(Exercise requirements): Copy out the entries that follow, unchanged.

****

(* Let $K$ be a local field whose residue field has size $q$. Every congruence class in $T_\infty(K)/I_q(K)$ has a unique $q$-simplified representative, and if $f\equiv g\bmod I_q(K)$ with $g$ $q$-simplified, then $|f\bmod I_q(K)|_{\mathrm{res}}=|g|$.
   Context: A local field is a field complete with respect to a nontrivial discrete nonarchimedean absolute value with finite residue field. $T_\infty(K)=K\langle X_1,X_2,\dots\rangle$ is the set of formal power series $f=\sum_i a_i\underline X^i$ in countably many indeterminates (indices $i$ ranging over finitely supported sequences of nonnegative integers, $\underline X^i$ the corresponding monomial) such that $a_i\to0$, i.e. for every $\varepsilon>0$ only finitely many $|a_i|\ge\varepsilon$; it is a $K$-algebra normed by $|f|=\sup_i|a_i|$. $I_q(K)$ is the closure of the ideal generated by all $X_j^q-X_j$. For a closed ideal $I$, $|f\bmod I|_{\mathrm{res}}=\inf_{h\in I}|f+h|$. A series is $q$-simplified if in each monomial with nonzero coefficient every exponent is at most $q-1$. *)

From HB Require Import structures.
From mathcomp Require Import all_boot all_order all_algebra.
From mathcomp Require Import boolp classical_sets reals.
From Stdlib Require List.
Set Implicit Arguments.
Unset Strict Implicit.
Unset Printing Implicit Defensive.
Import Order.TTheory GRing.Theory Num.Theory.
Local Open Scope ring_scope.
Local Open Scope classical_set_scope.

Section Defs.
Variables (R : realType) (K : fieldType) (absv : K -> R).

Definition nonarch_absval : Prop :=
  [/\ forall x, 0 <= absv x,
      forall x, absv x = 0 <-> x = 0,
      forall x y, absv (x * y) = absv x * absv y &
      forall x y, absv (x + y) <= Num.max (absv x) (absv y)].

Definition nontrivial_discrete : Prop :=
  exists pi : K, 0 < absv pi < 1 /\
    forall x, x != 0 -> exists n : int, absv x = absv pi ^ n.

Definition complete_absval : Prop :=
  forall u : nat -> K,
    (forall eps : R, 0 < eps -> exists N, forall m n, (N <= m)%N -> (N <= n)%N ->
        absv (u m - u n) < eps) ->
    exists l : K, forall eps : R, 0 < eps -> exists N, forall n, (N <= n)%N ->
        absv (u n - l) < eps.

(** The residue field O/m (O = {|x| <= 1}, m = {|x| < 1}) has exactly q
    elements: there is a list of q elements of O, pairwise distinct mod m,
    meeting every class of O mod m. *)
Definition residue_size (q : nat) : Prop :=
  exists s : seq K,
    [/\ size s = q,
        forall i, (i < q)%N -> absv (nth 0 s i) <= 1,
        forall i j, (i < q)%N -> (j < q)%N -> absv (nth 0 s i - nth 0 s j) < 1 -> i = j &
        forall x, absv x <= 1 -> exists2 i, (i < q)%N & absv (x - nth 0 s i) < 1].

Definition is_local_field (q : nat) : Prop :=
  [/\ nonarch_absval, nontrivial_discrete, complete_absval & residue_size q].
End Defs.

(** Monomials in X_0, X_1, ...: finitely supported exponent sequences. *)
Record mon := Mon { expo : nat -> nat ;
                    expo_fin : exists N, forall j, (N <= j)%N -> expo j = 0%N }.

Lemma decr_fin (k : mon) (j m : nat) :
  exists N, forall l, (N <= l)%N ->
    (fun l => if l == j then (expo k l - m)%N else expo k l) l = 0%N.
Proof.
case: k => e [N HN] /=; exists N => l Hl.
by case: eqP => _; rewrite HN.
Qed.

Definition decr (k : mon) (j m : nat) : mon :=
  Mon (decr_fin k j m).

Section Series.
Variables (R : realType) (K : fieldType) (absv : K -> R).

(** formal power series: coefficient families indexed by monomials *)
Definition ser := mon -> K.

Definition in_Tinf (f : ser) : Prop :=
  forall eps : R, 0 < eps -> exists l : seq mon,
    forall i, eps <= absv (f i) -> List.In i l.

Definition tnorm (f : ser) : R := sup (range (fun i => absv (f i))).

Definition mulXpow (j m : nat) (h : ser) : ser :=
  fun k => if (m <= expo k j)%N then h (decr k j m) else 0.

Definition gen_term (q j : nat) (h : ser) : ser :=
  fun k => mulXpow j q h k - mulXpow j 1 h k.

Definition in_gen_ideal (q : nat) (g : ser) : Prop :=
  exists l : seq (nat * ser),
    (forall p, List.In p l -> in_Tinf p.2) /\
    g = fun k => \sum_(p <- l) gen_term q p.1 p.2 k.

Definition in_Iq (q : nat) (f : ser) : Prop :=
  in_Tinf f /\
  forall eps : R, 0 < eps -> exists g, in_gen_ideal q g /\
    tnorm (fun k => f k - g k) < eps.

Definition q_simplified (q : nat) (g : ser) : Prop :=
  forall i, g i != 0 -> forall j, (expo i j <= q.-1)%N.

Definition res_norm (q : nat) (f : ser) : R :=
  inf [set tnorm (fun k => f k + h k) | h in in_Iq q].
End Series.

****

(Task result):
(* Let $K$ be a local field whose residue field has size $q$. Every congruence class in $T_\infty(K)/I_q(K)$ has a unique $q$-simplified representative, and if $f\equiv g\bmod I_q(K)$ with $g$ $q$-simplified, then $|f\bmod I_q(K)|_{\mathrm{res}}=|g|$.
   Context: A local field is a field complete with respect to a nontrivial discrete nonarchimedean absolute value with finite residue field. $T_\infty(K)=K\langle X_1,X_2,\dots\rangle$ is the set of formal power series $f=\sum_i a_i\underline X^i$ in countably many indeterminates (indices $i$ ranging over finitely supported sequences of nonnegative integers, $\underline X^i$ the corresponding monomial) such that $a_i\to0$, i.e. for every $\varepsilon>0$ only finitely many $|a_i|\ge\varepsilon$; it is a $K$-algebra normed by $|f|=\sup_i|a_i|$. $I_q(K)$ is the closure of the ideal generated by all $X_j^q-X_j$. For a closed ideal $I$, $|f\bmod I|_{\mathrm{res}}=\inf_{h\in I}|f+h|$. A series is $q$-simplified if in each monomial with nonzero coefficient every exponent is at most $q-1$. *)

From HB Require Import structures.
From mathcomp Require Import all_boot all_order all_algebra.
From mathcomp Require Import boolp classical_sets reals.
From Stdlib Require List.
Set Implicit Arguments.
Unset Strict Implicit.
Unset Printing Implicit Defensive.
Import Order.TTheory GRing.Theory Num.Theory.
Local Open Scope ring_scope.
Local Open Scope classical_set_scope.

Section Defs.
Variables (R : realType) (K : fieldType) (absv : K -> R).

Definition nonarch_absval : Prop :=
  [/\ forall x, 0 <= absv x,
      forall x, absv x = 0 <-> x = 0,
      forall x y, absv (x * y) = absv x * absv y &
      forall x y, absv (x + y) <= Num.max (absv x) (absv y)].

Definition nontrivial_discrete : Prop :=
  exists pi : K, 0 < absv pi < 1 /\
    forall x, x != 0 -> exists n : int, absv x = absv pi ^ n.

Definition complete_absval : Prop :=
  forall u : nat -> K,
    (forall eps : R, 0 < eps -> exists N, forall m n, (N <= m)%N -> (N <= n)%N ->
        absv (u m - u n) < eps) ->
    exists l : K, forall eps : R, 0 < eps -> exists N, forall n, (N <= n)%N ->
        absv (u n - l) < eps.

(** The residue field O/m (O = {|x| <= 1}, m = {|x| < 1}) has exactly q
    elements: there is a list of q elements of O, pairwise distinct mod m,
    meeting every class of O mod m. *)
Definition residue_size (q : nat) : Prop :=
  exists s : seq K,
    [/\ size s = q,
        forall i, (i < q)%N -> absv (nth 0 s i) <= 1,
        forall i j, (i < q)%N -> (j < q)%N -> absv (nth 0 s i - nth 0 s j) < 1 -> i = j &
        forall x, absv x <= 1 -> exists2 i, (i < q)%N & absv (x - nth 0 s i) < 1].

Definition is_local_field (q : nat) : Prop :=
  [/\ nonarch_absval, nontrivial_discrete, complete_absval & residue_size q].
End Defs.

(** Monomials in X_0, X_1, ...: finitely supported exponent sequences. *)
Record mon := Mon { expo : nat -> nat ;
                    expo_fin : exists N, forall j, (N <= j)%N -> expo j = 0%N }.

Lemma decr_fin (k : mon) (j m : nat) :
  exists N, forall l, (N <= l)%N ->
    (fun l => if l == j then (expo k l - m)%N else expo k l) l = 0%N.
Proof.
case: k => e [N HN] /=; exists N => l Hl.
by case: eqP => _; rewrite HN.
Qed.

Definition decr (k : mon) (j m : nat) : mon :=
  Mon (decr_fin k j m).

Section Series.
Variables (R : realType) (K : fieldType) (absv : K -> R).

(** formal power series: coefficient families indexed by monomials *)
Definition ser := mon -> K.

Definition in_Tinf (f : ser) : Prop :=
  forall eps : R, 0 < eps -> exists l : seq mon,
    forall i, eps <= absv (f i) -> List.In i l.

Definition tnorm (f : ser) : R := sup (range (fun i => absv (f i))).

Definition mulXpow (j m : nat) (h : ser) : ser :=
  fun k => if (m <= expo k j)%N then h (decr k j m) else 0.

Definition gen_term (q j : nat) (h : ser) : ser :=
  fun k => mulXpow j q h k - mulXpow j 1 h k.

Definition in_gen_ideal (q : nat) (g : ser) : Prop :=
  exists l : seq (nat * ser),
    (forall p, List.In p l -> in_Tinf p.2) /\
    g = fun k => \sum_(p <- l) gen_term q p.1 p.2 k.

Definition in_Iq (q : nat) (f : ser) : Prop :=
  in_Tinf f /\
  forall eps : R, 0 < eps -> exists g, in_gen_ideal q g /\
    tnorm (fun k => f k - g k) < eps.

Definition q_simplified (q : nat) (g : ser) : Prop :=
  forall i, g i != 0 -> forall j, (expo i j <= q.-1)%N.

Definition res_norm (q : nat) (f : ser) : R :=
  inf [set tnorm (fun k => f k + h k) | h in in_Iq q].
End Series.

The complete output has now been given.